CRN
- Cover of the June 2023 issue
- Categories: Trade magazine
- Founded: 1982
- First issue: June 7, 1982
- Company: The Channel Company
- Country: United States
- Based in: Westborough, Massachusetts
- Language: English German
- Website: www.crn.com

= CRN (magazine) =

American computer trade magazine

CRN is an American computer publication. It was first launched as Computer Retail Week on June 7, 1982, as a magazine targeted to computer resellers. It soon after was renamed Computer Reseller News.

==History and profile==
Originally launched in 1982 and published by CMP Media of Manhasset, New York, United States, CRN was subsequently purchased by London-based United Business Media (UBM) as part of the $920 million acquisition of CMP. Computer Reseller News later changed its name to the acronym CRN and was published by franchise publishers in a number of other countries including Australia, Denmark, Germany, the Netherlands, India, Poland, Russia, the United Kingdom, and the United States. The Australian CRN was published by nextmedia for some years. the UK version of CRN was published by Incisive Media for some years after it acquired VNU Business Publications UK in 2007 and the U.S. version is published by The Channel Company which acquired UBM Channel under management buyout from UBM in 2013.
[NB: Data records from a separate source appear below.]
(* Let $f=a_0+a_1x+\cdots+a_nx^n\in\mathbb{Z}[x]$ be a primitive polynomial. Suppose that $a_0=\pm p^k d$ and $\gcd(a_0,a_1,a_2)=p^k$ for some positive integers $k$ and $d$ and a prime number $p$, where $p\nmid a_3 d$ and $\gcd(k,3)=1$, and that every zero $\theta\in\mathbb{C}$ of $f$ satisfies $|\theta|>d$. Then $f$ is irreducible in $\mathbb{Z}[x]$.
   Context: A polynomial $a_0+a_1x+\cdots+a_nx^n\in\mathbb{Z}[x]$ is primitive if $\gcd(a_0,a_1,\ldots,a_n)=1$. Coefficients $a_i$ with $i>n$ are taken to be $0$. *)

From HB Require Import structures.
From mathcomp Require Import all_boot all_order all_algebra all_field.
Set Implicit Arguments. Unset Strict Implicit. Unset Printing Implicit Defensive.
Import Order.TTheory GRing.Theory Num.Theory.
Local Open Scope ring_scope.

Definition primitive_intpoly (f : {poly int}) : Prop :=
  (\big[gcdn/0%N]_(i < size f) absz (f`_i)%R)%N = 1%N.

Definition irreducible_in_Zx (f : {poly int}) : Prop :=
  f != 0 /\ f \isn't a GRing.unit /\
  forall g h : {poly int}, f = g * h -> g \is a GRing.unit \/ h \is a GRing.unit.

From HB Require Import structures.
From mathcomp Require Import all_boot all_order all_algebra all_field.
Import Order.TTheory GRing.Theory Num.Theory.
Local Open Scope ring_scope.

(* If f = g h with g, h nonconstant, then |g(0)| is at least the product of the moduli of
   the roots of g, which are roots of f, so |g(0)| > d, and likewise |h(0)| > d.  As
   g(0) h(0) = +-p^k d with p coprime to d, p divides both constant terms, say with p-adic
   valuations i, j >= 1 and i + j = k.  Modulo p we then have a_2 = g_1 h_1 and
   a_3 = g_1 h_2 + g_2 h_1, so, up to swapping g and h, p divides h_1 but neither g_1 nor h_2.
   Since p^k divides a_1 = g_0 h_1 + g_1 h_0, both terms have the same valuation j, whence
   v(h_1) = j - i; since p^k divides a_2 = g_0 h_2 + g_1 h_1 + g_2 h_0, whose terms have
   valuations i, j - i and at least j, we get i = j - i.  Thus k = 3i, contradicting
   gcd(k, 3) = 1. *)

Lemma unitz_absz (c : int) : (c \is a GRing.unit) = (`|c|%N == 1%N).
Proof. by case: c => [[|[|n]]|[|n]]. Qed.

Lemma primitive_intpoly_const_factor {f g h : {poly int}} :
  primitive_intpoly f -> f = g * h -> (size g <= 1)%N -> g \is a GRing.unit.
Proof.
move=> prim_f fgh /size1_polyC Dg; move: fgh; rewrite Dg; set c := g`_0 => fgh.
have c_dvd1 : (`|c| %| 1)%N.
  rewrite -prim_f; apply/dvdn_biggcdP => i _; move: (val i) => n.
  by rewrite fgh coefCM abszM dvdn_mulr.
have absc : `|c|%N = 1%N by apply/eqP; rewrite -dvdn1.
by rewrite poly_unitE size_polyC coefC /= unitz_absz absc -absz_gt0 absc.
Qed.

Lemma prod_norm_gt (r : algC) (s : seq algC) : 1 <= r -> s != [::] ->
  (forall z, z \in s -> r < `|z|) -> r < \prod_(z <- s) `|z|.
Proof.
case: s => [//|z s] r_ge1 _ gt_r; rewrite big_cons.
have prod_ge1 : 1 <= \prod_(w <- s) `|w|.
  rewrite big_seq; apply: (big_ind (fun x => 1 <= x)) => //; first exact: mulr_ege1.
  by move=> w ws; rewrite (le_trans r_ge1) // ltW // gt_r // inE ws orbT.
exact: lt_le_trans (gt_r z (mem_head z s)) (ler_peMr _ prod_ge1).
Qed.

Lemma coef0_norm_gt (G : {poly algC}) (r : algC) :
  1 <= r -> 1 <= `|lead_coef G| -> (1 < size G)%N ->
  (forall z, root G z -> r < `|z|) -> r < `|G`_0|.
Proof.
move=> r_ge1 lc_ge1 size_G gt_r.
have [s DG] := closed_field_poly_normal G.
have lc_neq0 : lead_coef G != 0 by rewrite lead_coef_eq0 -size_poly_eq0 -lt0n ltnW.
have s_neq0 : s != [::].
  by apply: contraTneq size_G => s0; rewrite DG s0 big_nil alg_polyC size_polyC lc_neq0.
rewrite -horner_coef0 DG hornerZ horner_prod normrM normr_prod.
under eq_bigr do rewrite hornerXsubC sub0r normrN.
apply: lt_le_trans (ler_peMl (prodr_ge0 _ _) lc_ge1) => //.
apply: prod_norm_gt => // z zs; apply: gt_r.
by rewrite DG rootZ // root_prod_XsubC.
Qed.

Lemma intpoly_coef0_gt (g : {poly int}) (d : nat) : (0 < d)%N -> (1 < size g)%N ->
  (forall z : algC, root (map_poly intr g) z -> d%:R < `|z|) -> (d < `|(g`_0)%R|)%N.
Proof.
move=> d_gt0 size_g gt_d.
have := @coef0_norm_gt (map_poly (intr : int -> algC) g) d%:R _ _ _ gt_d.
rewrite coef_map /= -intr_norm -natr_absz ltr_nat; apply; first by rewrite ler1n.
- rewrite lead_coef_map_inj //; last exact: intr_inj.
  by rewrite -intr_norm ler1z -gtz0_ge1 normr_gt0 lead_coef_eq0 -size_poly_eq0 -lt0n ltnW.
- by rewrite size_map_inj_poly //; exact: intr_inj.
Qed.

Lemma irreducible_in_Zx_primitive (f : {poly int}) :
  primitive_intpoly f -> f \isn't a GRing.unit ->
  (forall g h, f = g * h -> (1 < size g)%N -> (1 < size h)%N -> False) ->
  irreducible_in_Zx f.
Proof.
move=> prim_f nunit_f no_split; split; last split=> // g h fgh.
  by apply/eqP => f0; move: prim_f; rewrite f0 /primitive_intpoly size_poly0 big_ord0.
have [size_g | size_g] := leqP (size g) 1.
  by left; exact: primitive_intpoly_const_factor prim_f fgh size_g.
have [size_h | size_h] := leqP (size h) 1.
  by right; apply: (primitive_intpoly_const_factor (h := g) prim_f _ size_h); rewrite mulrC.
by case: (no_split g h fgh size_g size_h).
Qed.

Lemma coef1M (R : nzRingType) (g h : {poly R}) : (g * h)`_1 = g`_0 * h`_1 + g`_1 * h`_0.
Proof. by rewrite coefM !big_ord_recr big_ord0 /= add0r. Qed.

Lemma coef2M (R : nzRingType) (g h : {poly R}) :
  (g * h)`_2 = g`_0 * h`_2 + g`_1 * h`_1 + g`_2 * h`_0.
Proof. by rewrite coefM !big_ord_recr big_ord0 /= add0r. Qed.

Lemma coef3M (R : nzRingType) (g h : {poly R}) :
  (g * h)`_3 = g`_0 * h`_3 + g`_1 * h`_2 + g`_2 * h`_1 + g`_3 * h`_0.
Proof. by rewrite coefM !big_ord_recr big_ord0 /= add0r. Qed.

(* zlogn p 0 = 0 is a junk value, hence the nonzero hypotheses below. *)
Definition zlogn (p : nat) (x : int) : nat := logn p `|x|.

Section PAdicValuation.

Context {p : nat} (p_pr : prime p).

Lemma dvdz_pexpE e x : x != 0 -> ((p ^ e)%N%:Z %| x)%Z = (e <= zlogn p x)%N.
Proof. by move=> x_neq0; rewrite dvdzE /= pfactor_dvdn // absz_gt0. Qed.

Lemma zlognM x y : x != 0 -> y != 0 -> zlogn p (x * y) = (zlogn p x + zlogn p y)%N.
Proof. by move=> x_neq0 y_neq0; rewrite /zlogn abszM lognM // absz_gt0. Qed.

Lemma zlogn_eq0 x : ~~ (p%:Z %| x)%Z -> zlogn p x = 0%N.
Proof. by rewrite dvdzE => ndvd_x; rewrite /zlogn logn_coprime // prime_coprime. Qed.

Lemma zlogn_gt0 x : x != 0 -> (p%:Z %| x)%Z -> (0 < zlogn p x)%N.
Proof. by move=> x_neq0; rewrite -dvdz_pexpE // expn1. Qed.

Lemma Euclid_dvdzM x y : (p%:Z %| x * y)%Z = (p%:Z %| x)%Z || (p%:Z %| y)%Z.
Proof. by rewrite !dvdzE abszM Euclid_dvdM. Qed.

Lemma prime_dvdn_of_dvdn_pexpM k d x :
  (x %| p ^ k * d)%N -> ~~ (p %| d)%N -> (d < x)%N -> (p %| x)%N.
Proof.
move=> dvd_x ndvd_d; apply: contraLR => ndvd_x; rewrite -leqNgt dvdn_leq //.
  by rewrite lt0n; apply: contraNneq ndvd_d => ->; exact: dvdn0.
by rewrite -(@Gauss_dvdr _ (p ^ k)) // coprimeXr // coprime_sym prime_coprime.
Qed.

Lemma zlogn_eq_of_dvdz_add e x y : x != 0 -> (zlogn p x < e)%N ->
  ((p ^ e)%N%:Z %| x + y)%Z -> y != 0 /\ zlogn p y = zlogn p x.
Proof.
move=> x_neq0 lt_x_e dvd_xy.
have dvd_yE n : (n <= e)%N -> ((p ^ n)%N%:Z %| y)%Z = ((p ^ n)%N%:Z %| x)%Z.
  move=> le_n_e; have dvd_n : ((p ^ n)%N%:Z %| x + y)%Z.
    by apply: dvdz_trans dvd_xy; rewrite dvdzE /= dvdn_exp2l.
  apply/idP/idP => [dvd_y | dvd_x]; first by rewrite -(rpredDr _ dvd_y).
  by rewrite -(rpredDl _ dvd_x).
have y_neq0 : y != 0.
  by apply: contraTneq lt_x_e => y0; rewrite -leqNgt -dvdz_pexpE // -dvd_yE // y0 dvdz0.
have := dvd_yE _ (ltnW lt_x_e); have := dvd_yE _ lt_x_e.
rewrite !dvdz_pexpE // leqnn ltnn => /negbT; rewrite -leqNgt => le_yx le_xy.
by split=> //; apply/eqP; rewrite eqn_leq le_yx le_xy.
Qed.

Lemma zlogn_addr x y : x != 0 -> ((p ^ (zlogn p x).+1)%N%:Z %| y)%Z ->
  zlogn p (x + y) = zlogn p x.
Proof.
move=> x_neq0 dvd_y.
have dvd_sum : ((p ^ (zlogn p x).+1)%N%:Z %| x + - (x + y))%Z.
  by rewrite opprD addrA subrr add0r rpredN.
have [_ <-] := zlogn_eq_of_dvdz_add _ _ _ x_neq0 (ltnSn _) dvd_sum.
by rewrite /zlogn abszN.
Qed.

Lemma zlogn_coef0_double (g h : {poly int}) :
  g`_0 != 0 -> h`_0 != 0 -> (0 < zlogn p g`_0)%N ->
  ~~ (p%:Z %| g`_1)%Z -> (p%:Z %| h`_1)%Z -> ~~ (p%:Z %| h`_2)%Z ->
  ((p ^ zlogn p (g * h)`_0)%N%:Z %| (g * h)`_1)%Z ->
  ((p ^ zlogn p (g * h)`_0)%N%:Z %| (g * h)`_2)%Z ->
  zlogn p h`_0 = (zlogn p g`_0).*2.
Proof.
move=> g0_neq0 h0_neq0 i_gt0 ndvd_g1 dvd_h1 ndvd_h2.
rewrite coef0M zlognM // coef1M coef2M.
set i := zlogn p g`_0; set j := zlogn p h`_0 => dvd_f1 dvd_f2.
have g1_neq0 : g`_1 != 0 by apply: contraNneq ndvd_g1 => ->; exact: dvdz0.
have h2_neq0 : h`_2 != 0 by apply: contraNneq ndvd_h2 => ->; exact: dvdz0.
have [g0h1_neq0 v_g0h1] : g`_0 * h`_1 != 0 /\ zlogn p (g`_0 * h`_1) = j.
  have v_g1h0 : zlogn p (g`_1 * h`_0) = j by rewrite zlognM // zlogn_eq0.
  rewrite -v_g1h0; apply: (@zlogn_eq_of_dvdz_add (i + j)%N) => //.
  - exact: mulf_neq0.
  - by rewrite v_g1h0 -{1}(add0n j) ltn_add2r.
  - by rewrite addrC.
have h1_neq0 : h`_1 != 0 by apply: contraNneq g0h1_neq0 => ->; rewrite mulr0.
have lt_ij : (i < j)%N.
  by rewrite -v_g0h1 zlognM // -{1}(addn0 i) ltn_add2l zlogn_gt0.
have v_g1h1 : zlogn p (g`_1 * h`_1) = (j - i)%N.
  by rewrite -v_g0h1 !zlognM // zlogn_eq0 // addKn.
have v_g0h2_g2h0 : zlogn p (g`_0 * h`_2 + g`_2 * h`_0) = i.
  have v_g0h2 : zlogn p (g`_0 * h`_2) = i by rewrite zlognM // (zlogn_eq0 _ ndvd_h2) addn0.
  by rewrite -v_g0h2 zlogn_addr ?mulf_neq0 // v_g0h2 dvdz_mull // dvdz_pexpE.
have lt_g1h1 : (zlogn p (g`_1 * h`_1) < i + j)%N.
  by rewrite v_g1h1 (leq_ltn_trans (leq_subr i j)) // -{1}(add0n j) ltn_add2r.
have dvd_sum : ((p ^ (i + j))%N%:Z %| g`_1 * h`_1 + (g`_0 * h`_2 + g`_2 * h`_0))%Z.
  by rewrite addrCA addrA.
have [_] := zlogn_eq_of_dvdz_add _ _ _ (mulf_neq0 g1_neq0 h1_neq0) lt_g1h1 dvd_sum.
by rewrite v_g0h2_g2h0 v_g1h1 -addnn => {1}->; rewrite subnK // ltnW.
Qed.

Lemma ndvdz_coef3M (g h : {poly int}) :
  (p%:Z %| g`_0)%Z -> (p%:Z %| h`_0)%Z -> (p%:Z %| h`_1)%Z -> ~~ (p%:Z %| (g * h)`_3)%Z ->
  ~~ (p%:Z %| g`_1)%Z /\ ~~ (p%:Z %| h`_2)%Z.
Proof.
move=> dvd_g0 dvd_h0 dvd_h1; rewrite coef3M.
rewrite (rpredDr _ (dvdz_mull _ dvd_h0)) (rpredDr _ (dvdz_mull _ dvd_h1)).
by rewrite (rpredDl _ (dvdz_mulr _ dvd_g0)) Euclid_dvdzM negb_or => /andP.
Qed.

Lemma dvdn3_zlogn_coef0M (g h : {poly int}) : (g * h)`_0 != 0 ->
  (p%:Z %| g`_0)%Z -> (p%:Z %| h`_0)%Z ->
  ((p ^ zlogn p (g * h)`_0)%N%:Z %| (g * h)`_1)%Z ->
  ((p ^ zlogn p (g * h)`_0)%N%:Z %| (g * h)`_2)%Z ->
  ~~ (p%:Z %| (g * h)`_3)%Z ->
  (3 %| zlogn p (g * h)`_0)%N.
Proof.
wlog dvd_h1 : g h / (p%:Z %| h`_1)%Z.
  move=> main f0_neq0 dvd_g0 dvd_h0 dvd_f1 dvd_f2 ndvd_f3.
  have dvd_f2p : (p%:Z %| (g * h)`_2)%Z.
    apply: dvdz_trans dvd_f2; rewrite dvdzE /= dvdn_exp ?zlogn_gt0 //.
    by rewrite coef0M dvdz_mull.
  have : (p%:Z %| g`_1 * h`_1)%Z.
    move: dvd_f2p; rewrite coef2M (rpredDr _ (dvdz_mull _ dvd_h0)).
    by rewrite (rpredDl _ (dvdz_mulr _ dvd_g0)).
  rewrite Euclid_dvdzM => /orP[dvd_g1 | dvd_h1]; last exact: main.
  by rewrite mulrC; apply: main; rewrite // mulrC.
move=> f0_neq0 dvd_g0 dvd_h0 dvd_f1 dvd_f2 ndvd_f3.
have /andP[g0_neq0 h0_neq0] : (g`_0 != 0) && (h`_0 != 0).
  by rewrite -negb_or -mulf_eq0 -coef0M.
have [ndvd_g1 ndvd_h2] := ndvdz_coef3M _ _ dvd_g0 dvd_h0 dvd_h1 ndvd_f3.
have := zlogn_coef0_double _ _ g0_neq0 h0_neq0 (zlogn_gt0 _ g0_neq0 dvd_g0)
  ndvd_g1 dvd_h1 ndvd_h2 dvd_f1 dvd_f2.
by rewrite coef0M zlognM // => ->; rewrite -muln2 -mulnS dvdn_mull.
Qed.
End PAdicValuation.

Lemma prime_dvdz_coef0_factor {f g h : {poly int}} {p k d : nat} :
  prime p -> (0 < d)%N -> ~~ (p %| d)%N -> `|(f`_0)%R|%N = (p ^ k * d)%N ->
  f = g * h -> (1 < size g)%N ->
  (forall z : algC, root (map_poly intr f) z -> d%:R < `|z|) -> (p%:Z %| g`_0)%Z.
Proof.
move=> p_pr d_gt0 ndvd_d abs_f0 fgh size_g roots_gt_d.
rewrite dvdzE; apply: (prime_dvdn_of_dvdn_pexpM p_pr k d _ _ ndvd_d).
  by rewrite -abs_f0 fgh coef0M abszM dvdn_mulr.
apply: intpoly_coef0_gt _ _ d_gt0 size_g _ => z rz; apply: roots_gt_d.
by rewrite fgh rmorphM rootM rz.
Qed.

Theorem theorem24 (f : {poly int}) (p k d : nat) :
  primitive_intpoly f ->
  prime p -> (0 < k)%N -> (0 < d)%N ->
  (f`_0 = (p ^ k * d)%N%:Z \/ f`_0 = - (p ^ k * d)%N%:Z) ->
  gcdn (gcdn (absz (f`_0)%R) (absz (f`_1)%R)) (absz (f`_2)%R) = (p ^ k)%N ->
  ~~ (p %| (absz (f`_3)%R) * d)%N ->
  gcdn k 3 = 1%N ->
  (forall theta : algC, root (map_poly intr f) theta -> (d%:R < `|theta|)) ->
  irreducible_in_Zx f.
Proof.
move=> prim_f p_pr k_gt0 d_gt0 f0E gcd_f012 ndvd_f3d coprime_k3 roots_gt_d.
rewrite Euclid_dvdM // negb_or in ndvd_f3d; case/andP: ndvd_f3d => ndvd_f3 ndvd_d.
have abs_f0 : `|(f`_0)%R|%N = (p ^ k * d)%N by case: f0E => ->; rewrite ?abszN.
have f0_gt1 : (1 < p ^ k * d)%N.
  exact: leq_trans (leq_ltn_trans k_gt0 (ltn_expl _ (prime_gt1 p_pr))) (leq_pmulr _ d_gt0).
have f0_neq0 : f`_0 != 0 by rewrite -absz_gt0 abs_f0 ltnW.
have v_f0 : zlogn p f`_0 = k.
  rewrite /zlogn abs_f0 lognM ?d_gt0 ?expn_gt0 ?prime_gt0 // pfactorK //.
  by rewrite logn_coprime ?addn0 // prime_coprime.
apply: irreducible_in_Zx_primitive => // [|g h fgh size_g size_h].
  by rewrite poly_unitE unitz_absz abs_f0 (gtn_eqF f0_gt1) andbF.
have dvd_g0 := prime_dvdz_coef0_factor p_pr d_gt0 ndvd_d abs_f0 fgh size_g roots_gt_d.
have dvd_h0 : (p%:Z %| h`_0)%Z.
  apply: (prime_dvdz_coef0_factor (h := g) p_pr d_gt0 ndvd_d abs_f0 _ size_h roots_gt_d).
  by rewrite mulrC.
have dvd3_k : (3 %| k)%N.
  rewrite -v_f0 fgh; apply: dvdn3_zlogn_coef0M; rewrite -?fgh ?v_f0 ?dvdzE //.
  - by rewrite -gcd_f012 (dvdn_trans (dvdn_gcdl _ _)) ?dvdn_gcdr.
  - by rewrite -gcd_f012 dvdn_gcdr.
by move: coprime_k3; rewrite (gcdn_idPr dvd3_k).
Qed.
The headquarters of the magazine is in Westborough, Massachusetts. In 2009 CRNs U.S. version was recognized as a leading advertising medium for the IT industry by B2B's Media Power 50 ranking, which called it the "unrivaled leader in covering the channel".

In January 2012, the UK version of CRN launched the CRN Sales and Marketing Awards. These awards recognise and reward the achievements of high-achieving information and communications technology companies.

In April 2022, The Channel Company acquired CRN UK, Computing, and Channel Partner Insight from Incisive Media. This deal reunited the UK and US edition of CRN under common ownership.

In 2023, The Channel Company relaunched CRN Germany.

In March 2025, The Channel Company relaunched CRN Australia under an in-house management after previously licensed the brand to nextmedia.